Exercise →
Give again, word for word, every line below from the one that has "Proof. by rewrite (bigD1" through the one that has "Lemma mexp_mulx v", both included, and no others.

----

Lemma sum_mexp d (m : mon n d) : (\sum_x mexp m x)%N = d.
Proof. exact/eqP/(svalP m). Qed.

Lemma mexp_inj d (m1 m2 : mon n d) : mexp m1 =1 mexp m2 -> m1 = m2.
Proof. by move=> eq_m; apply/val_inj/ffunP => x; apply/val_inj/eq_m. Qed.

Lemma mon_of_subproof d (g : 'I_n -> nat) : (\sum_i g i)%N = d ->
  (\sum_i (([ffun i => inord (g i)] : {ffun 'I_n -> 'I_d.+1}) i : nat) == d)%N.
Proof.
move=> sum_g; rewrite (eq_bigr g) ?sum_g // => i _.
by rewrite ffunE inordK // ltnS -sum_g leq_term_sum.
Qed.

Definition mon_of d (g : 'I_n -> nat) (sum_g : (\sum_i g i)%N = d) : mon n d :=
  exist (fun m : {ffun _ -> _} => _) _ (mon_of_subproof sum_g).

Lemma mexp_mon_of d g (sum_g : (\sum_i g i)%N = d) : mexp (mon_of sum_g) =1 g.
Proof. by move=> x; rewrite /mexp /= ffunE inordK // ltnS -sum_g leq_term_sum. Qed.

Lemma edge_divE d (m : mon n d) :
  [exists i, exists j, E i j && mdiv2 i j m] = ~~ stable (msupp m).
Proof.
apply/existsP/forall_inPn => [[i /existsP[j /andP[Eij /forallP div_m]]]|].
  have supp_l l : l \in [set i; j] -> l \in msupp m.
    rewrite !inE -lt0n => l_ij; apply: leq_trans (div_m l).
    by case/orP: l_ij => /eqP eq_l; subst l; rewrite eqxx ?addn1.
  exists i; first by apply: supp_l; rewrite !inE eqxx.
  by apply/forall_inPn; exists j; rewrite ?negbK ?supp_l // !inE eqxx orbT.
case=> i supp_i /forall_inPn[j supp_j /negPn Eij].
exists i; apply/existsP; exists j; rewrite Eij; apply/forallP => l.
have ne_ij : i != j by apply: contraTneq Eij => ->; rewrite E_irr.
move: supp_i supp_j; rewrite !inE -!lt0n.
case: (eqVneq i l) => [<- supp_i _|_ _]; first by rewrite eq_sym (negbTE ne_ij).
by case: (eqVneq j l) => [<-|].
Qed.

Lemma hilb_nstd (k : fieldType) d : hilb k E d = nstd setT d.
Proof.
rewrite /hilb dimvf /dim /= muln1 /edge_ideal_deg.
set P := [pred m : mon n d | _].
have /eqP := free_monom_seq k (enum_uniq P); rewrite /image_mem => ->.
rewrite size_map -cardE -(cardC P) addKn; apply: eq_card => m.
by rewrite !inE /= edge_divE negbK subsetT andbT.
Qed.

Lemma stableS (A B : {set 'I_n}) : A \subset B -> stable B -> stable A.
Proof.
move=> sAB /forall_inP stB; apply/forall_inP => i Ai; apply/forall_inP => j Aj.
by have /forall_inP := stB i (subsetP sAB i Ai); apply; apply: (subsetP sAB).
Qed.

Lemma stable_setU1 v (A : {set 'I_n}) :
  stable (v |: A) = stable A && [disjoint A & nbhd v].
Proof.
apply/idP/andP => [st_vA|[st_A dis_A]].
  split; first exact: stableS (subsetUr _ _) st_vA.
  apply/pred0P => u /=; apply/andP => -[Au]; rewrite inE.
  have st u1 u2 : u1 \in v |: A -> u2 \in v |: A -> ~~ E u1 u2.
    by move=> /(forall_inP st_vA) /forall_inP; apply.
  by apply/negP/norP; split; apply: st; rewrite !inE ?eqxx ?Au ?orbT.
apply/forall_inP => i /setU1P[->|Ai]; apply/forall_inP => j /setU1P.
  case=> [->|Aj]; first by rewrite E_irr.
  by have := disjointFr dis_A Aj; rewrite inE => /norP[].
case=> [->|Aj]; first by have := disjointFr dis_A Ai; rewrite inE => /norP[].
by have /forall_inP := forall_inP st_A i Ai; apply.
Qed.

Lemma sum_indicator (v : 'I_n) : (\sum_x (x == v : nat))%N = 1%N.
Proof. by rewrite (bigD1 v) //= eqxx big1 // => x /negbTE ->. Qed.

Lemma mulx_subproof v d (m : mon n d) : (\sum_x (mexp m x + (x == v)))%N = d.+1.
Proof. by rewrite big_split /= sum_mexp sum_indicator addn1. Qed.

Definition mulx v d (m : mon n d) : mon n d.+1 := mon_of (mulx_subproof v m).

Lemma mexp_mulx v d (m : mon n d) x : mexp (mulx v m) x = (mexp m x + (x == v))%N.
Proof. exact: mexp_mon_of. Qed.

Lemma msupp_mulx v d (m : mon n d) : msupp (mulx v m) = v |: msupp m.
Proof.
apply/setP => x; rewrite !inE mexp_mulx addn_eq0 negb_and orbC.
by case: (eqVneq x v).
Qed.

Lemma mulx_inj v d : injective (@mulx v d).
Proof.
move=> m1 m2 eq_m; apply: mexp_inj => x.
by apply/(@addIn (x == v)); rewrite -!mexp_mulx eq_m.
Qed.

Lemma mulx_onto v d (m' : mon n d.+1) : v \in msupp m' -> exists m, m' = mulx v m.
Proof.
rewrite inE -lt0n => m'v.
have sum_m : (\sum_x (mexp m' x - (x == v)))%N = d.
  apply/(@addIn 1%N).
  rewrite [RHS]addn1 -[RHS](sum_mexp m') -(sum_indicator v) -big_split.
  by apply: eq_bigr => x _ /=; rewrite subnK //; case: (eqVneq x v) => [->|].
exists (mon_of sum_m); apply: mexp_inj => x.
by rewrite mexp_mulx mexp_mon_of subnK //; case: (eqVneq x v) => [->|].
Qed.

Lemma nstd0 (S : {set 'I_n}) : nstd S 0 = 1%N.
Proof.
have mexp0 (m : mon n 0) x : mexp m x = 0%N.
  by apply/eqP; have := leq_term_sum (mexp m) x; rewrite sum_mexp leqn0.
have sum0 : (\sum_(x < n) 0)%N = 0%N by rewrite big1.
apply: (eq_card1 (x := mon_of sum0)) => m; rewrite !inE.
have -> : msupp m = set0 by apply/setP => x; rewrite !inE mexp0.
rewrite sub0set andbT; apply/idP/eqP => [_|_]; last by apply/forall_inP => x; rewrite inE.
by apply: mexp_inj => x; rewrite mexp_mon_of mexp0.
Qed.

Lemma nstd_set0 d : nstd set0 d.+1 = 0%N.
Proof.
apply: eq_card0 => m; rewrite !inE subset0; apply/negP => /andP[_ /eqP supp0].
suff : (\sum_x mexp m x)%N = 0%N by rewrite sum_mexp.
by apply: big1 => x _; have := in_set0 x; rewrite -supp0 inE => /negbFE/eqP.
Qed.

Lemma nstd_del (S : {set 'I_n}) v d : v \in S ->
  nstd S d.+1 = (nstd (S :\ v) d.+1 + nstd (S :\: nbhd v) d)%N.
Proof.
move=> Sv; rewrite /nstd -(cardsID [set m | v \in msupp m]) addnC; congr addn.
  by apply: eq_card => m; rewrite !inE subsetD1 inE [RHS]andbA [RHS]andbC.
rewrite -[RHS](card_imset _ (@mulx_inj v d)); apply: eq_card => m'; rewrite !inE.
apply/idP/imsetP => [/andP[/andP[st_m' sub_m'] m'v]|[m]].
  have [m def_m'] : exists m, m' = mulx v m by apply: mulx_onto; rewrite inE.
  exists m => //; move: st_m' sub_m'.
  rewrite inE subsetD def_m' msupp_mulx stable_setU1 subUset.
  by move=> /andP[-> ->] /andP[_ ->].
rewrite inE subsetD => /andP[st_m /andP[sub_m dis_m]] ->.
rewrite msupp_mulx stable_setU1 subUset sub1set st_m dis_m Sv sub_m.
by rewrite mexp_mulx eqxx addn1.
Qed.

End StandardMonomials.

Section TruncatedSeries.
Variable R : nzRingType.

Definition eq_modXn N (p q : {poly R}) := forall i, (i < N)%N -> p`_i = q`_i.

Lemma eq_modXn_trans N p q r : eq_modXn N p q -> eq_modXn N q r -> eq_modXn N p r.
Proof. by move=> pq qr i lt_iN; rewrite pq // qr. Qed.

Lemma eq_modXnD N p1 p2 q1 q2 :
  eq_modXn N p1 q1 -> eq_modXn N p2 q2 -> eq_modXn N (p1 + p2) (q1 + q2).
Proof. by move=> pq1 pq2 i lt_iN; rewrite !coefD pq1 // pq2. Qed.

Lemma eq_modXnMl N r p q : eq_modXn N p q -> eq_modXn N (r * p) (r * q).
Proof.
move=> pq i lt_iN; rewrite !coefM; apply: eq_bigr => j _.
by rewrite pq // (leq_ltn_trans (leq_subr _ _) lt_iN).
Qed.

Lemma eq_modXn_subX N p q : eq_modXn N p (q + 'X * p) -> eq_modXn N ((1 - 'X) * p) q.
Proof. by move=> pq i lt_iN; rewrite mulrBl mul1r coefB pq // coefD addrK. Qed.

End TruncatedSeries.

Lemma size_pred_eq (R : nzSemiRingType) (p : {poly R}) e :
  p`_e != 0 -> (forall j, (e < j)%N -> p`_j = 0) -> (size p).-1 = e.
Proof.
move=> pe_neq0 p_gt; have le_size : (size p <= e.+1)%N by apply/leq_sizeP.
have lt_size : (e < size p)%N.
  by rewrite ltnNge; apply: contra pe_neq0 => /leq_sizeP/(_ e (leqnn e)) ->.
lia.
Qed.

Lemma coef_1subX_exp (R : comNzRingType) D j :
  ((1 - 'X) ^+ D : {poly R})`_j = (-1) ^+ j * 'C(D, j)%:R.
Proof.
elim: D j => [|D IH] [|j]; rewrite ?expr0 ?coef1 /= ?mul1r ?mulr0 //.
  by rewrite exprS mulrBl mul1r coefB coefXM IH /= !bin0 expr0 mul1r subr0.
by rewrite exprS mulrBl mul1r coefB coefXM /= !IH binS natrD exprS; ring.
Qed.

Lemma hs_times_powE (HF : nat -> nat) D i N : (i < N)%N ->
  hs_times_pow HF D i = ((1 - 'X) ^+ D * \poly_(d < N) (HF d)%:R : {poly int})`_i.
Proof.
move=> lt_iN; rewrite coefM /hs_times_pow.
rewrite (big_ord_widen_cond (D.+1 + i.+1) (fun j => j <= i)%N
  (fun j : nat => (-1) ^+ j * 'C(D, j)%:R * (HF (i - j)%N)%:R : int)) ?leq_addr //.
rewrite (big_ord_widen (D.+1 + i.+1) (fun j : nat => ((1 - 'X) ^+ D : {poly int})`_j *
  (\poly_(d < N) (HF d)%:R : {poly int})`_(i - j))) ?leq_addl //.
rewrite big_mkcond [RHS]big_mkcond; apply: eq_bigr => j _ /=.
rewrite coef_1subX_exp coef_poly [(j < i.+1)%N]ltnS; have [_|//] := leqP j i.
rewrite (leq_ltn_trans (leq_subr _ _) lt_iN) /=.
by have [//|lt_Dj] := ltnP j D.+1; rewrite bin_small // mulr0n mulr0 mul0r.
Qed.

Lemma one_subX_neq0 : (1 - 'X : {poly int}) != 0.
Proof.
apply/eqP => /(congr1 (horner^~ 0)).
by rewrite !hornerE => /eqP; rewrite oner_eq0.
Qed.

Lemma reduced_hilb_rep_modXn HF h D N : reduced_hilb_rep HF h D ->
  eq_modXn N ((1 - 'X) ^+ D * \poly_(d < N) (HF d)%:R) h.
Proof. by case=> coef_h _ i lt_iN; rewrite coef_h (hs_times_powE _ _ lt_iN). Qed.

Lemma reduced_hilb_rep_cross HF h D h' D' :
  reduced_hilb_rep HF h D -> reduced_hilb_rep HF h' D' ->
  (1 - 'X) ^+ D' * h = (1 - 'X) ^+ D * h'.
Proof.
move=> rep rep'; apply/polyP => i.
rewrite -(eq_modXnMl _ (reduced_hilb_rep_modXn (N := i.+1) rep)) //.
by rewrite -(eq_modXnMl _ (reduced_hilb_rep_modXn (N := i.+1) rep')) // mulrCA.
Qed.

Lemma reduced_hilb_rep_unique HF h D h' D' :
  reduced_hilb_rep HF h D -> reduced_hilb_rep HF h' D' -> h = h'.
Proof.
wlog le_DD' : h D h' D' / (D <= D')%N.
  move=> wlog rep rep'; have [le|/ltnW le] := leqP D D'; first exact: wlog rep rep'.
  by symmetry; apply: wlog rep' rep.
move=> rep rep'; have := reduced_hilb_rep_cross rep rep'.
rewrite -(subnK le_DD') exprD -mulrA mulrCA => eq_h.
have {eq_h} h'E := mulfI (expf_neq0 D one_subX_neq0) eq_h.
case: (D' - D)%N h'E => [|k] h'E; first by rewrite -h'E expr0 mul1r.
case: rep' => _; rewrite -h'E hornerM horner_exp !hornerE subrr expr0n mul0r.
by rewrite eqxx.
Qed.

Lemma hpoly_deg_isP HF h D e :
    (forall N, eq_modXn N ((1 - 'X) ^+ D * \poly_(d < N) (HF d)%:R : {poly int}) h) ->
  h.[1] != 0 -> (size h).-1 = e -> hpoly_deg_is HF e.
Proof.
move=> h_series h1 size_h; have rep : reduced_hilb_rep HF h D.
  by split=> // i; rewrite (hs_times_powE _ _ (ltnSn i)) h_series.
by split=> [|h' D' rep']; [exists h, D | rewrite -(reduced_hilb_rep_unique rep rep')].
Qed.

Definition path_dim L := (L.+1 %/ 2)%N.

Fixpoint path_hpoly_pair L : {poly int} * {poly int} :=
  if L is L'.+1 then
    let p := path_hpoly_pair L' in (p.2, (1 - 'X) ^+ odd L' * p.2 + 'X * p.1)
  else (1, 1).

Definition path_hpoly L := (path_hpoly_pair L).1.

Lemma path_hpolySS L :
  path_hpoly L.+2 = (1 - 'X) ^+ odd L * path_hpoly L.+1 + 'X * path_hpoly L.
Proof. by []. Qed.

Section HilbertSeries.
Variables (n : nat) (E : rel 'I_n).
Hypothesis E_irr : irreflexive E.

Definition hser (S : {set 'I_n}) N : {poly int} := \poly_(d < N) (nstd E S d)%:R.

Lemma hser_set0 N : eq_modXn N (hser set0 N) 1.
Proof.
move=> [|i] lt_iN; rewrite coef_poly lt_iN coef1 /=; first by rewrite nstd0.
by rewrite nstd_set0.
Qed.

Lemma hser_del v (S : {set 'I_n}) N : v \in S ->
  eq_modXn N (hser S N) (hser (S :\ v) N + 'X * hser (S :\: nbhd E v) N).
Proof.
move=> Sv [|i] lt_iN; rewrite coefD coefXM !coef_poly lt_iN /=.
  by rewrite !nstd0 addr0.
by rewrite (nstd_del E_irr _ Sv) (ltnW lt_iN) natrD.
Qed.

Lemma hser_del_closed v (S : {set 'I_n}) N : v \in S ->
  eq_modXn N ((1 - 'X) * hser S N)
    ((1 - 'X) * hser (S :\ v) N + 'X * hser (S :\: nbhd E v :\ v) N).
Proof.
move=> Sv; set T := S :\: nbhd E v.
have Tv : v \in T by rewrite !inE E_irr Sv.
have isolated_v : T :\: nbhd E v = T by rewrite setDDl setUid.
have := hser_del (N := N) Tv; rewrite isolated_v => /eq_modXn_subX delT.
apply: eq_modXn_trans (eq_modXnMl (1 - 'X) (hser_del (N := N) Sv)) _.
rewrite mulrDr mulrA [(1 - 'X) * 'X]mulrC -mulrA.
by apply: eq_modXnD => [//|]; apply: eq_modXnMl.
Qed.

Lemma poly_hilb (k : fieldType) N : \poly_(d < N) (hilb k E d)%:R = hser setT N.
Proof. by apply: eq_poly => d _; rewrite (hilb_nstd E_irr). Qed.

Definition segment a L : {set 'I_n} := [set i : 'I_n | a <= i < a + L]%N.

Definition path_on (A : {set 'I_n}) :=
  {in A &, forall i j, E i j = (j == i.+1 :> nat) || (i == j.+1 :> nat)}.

----

Solution to this problem →
Proof. by rewrite (bigD1 v) //= eqxx big1 // => x /negbTE ->. Qed.

Lemma mulx_subproof v d (m : mon n d) : (\sum_x (mexp m x + (x == v)))%N = d.+1.
Proof. by rewrite big_split /= sum_mexp sum_indicator addn1. Qed.

Definition mulx v d (m : mon n d) : mon n d.+1 := mon_of (mulx_subproof v m).

Lemma mexp_mulx v d (m : mon n d) x : mexp (mulx v m) x = (mexp m x + (x == v))%N.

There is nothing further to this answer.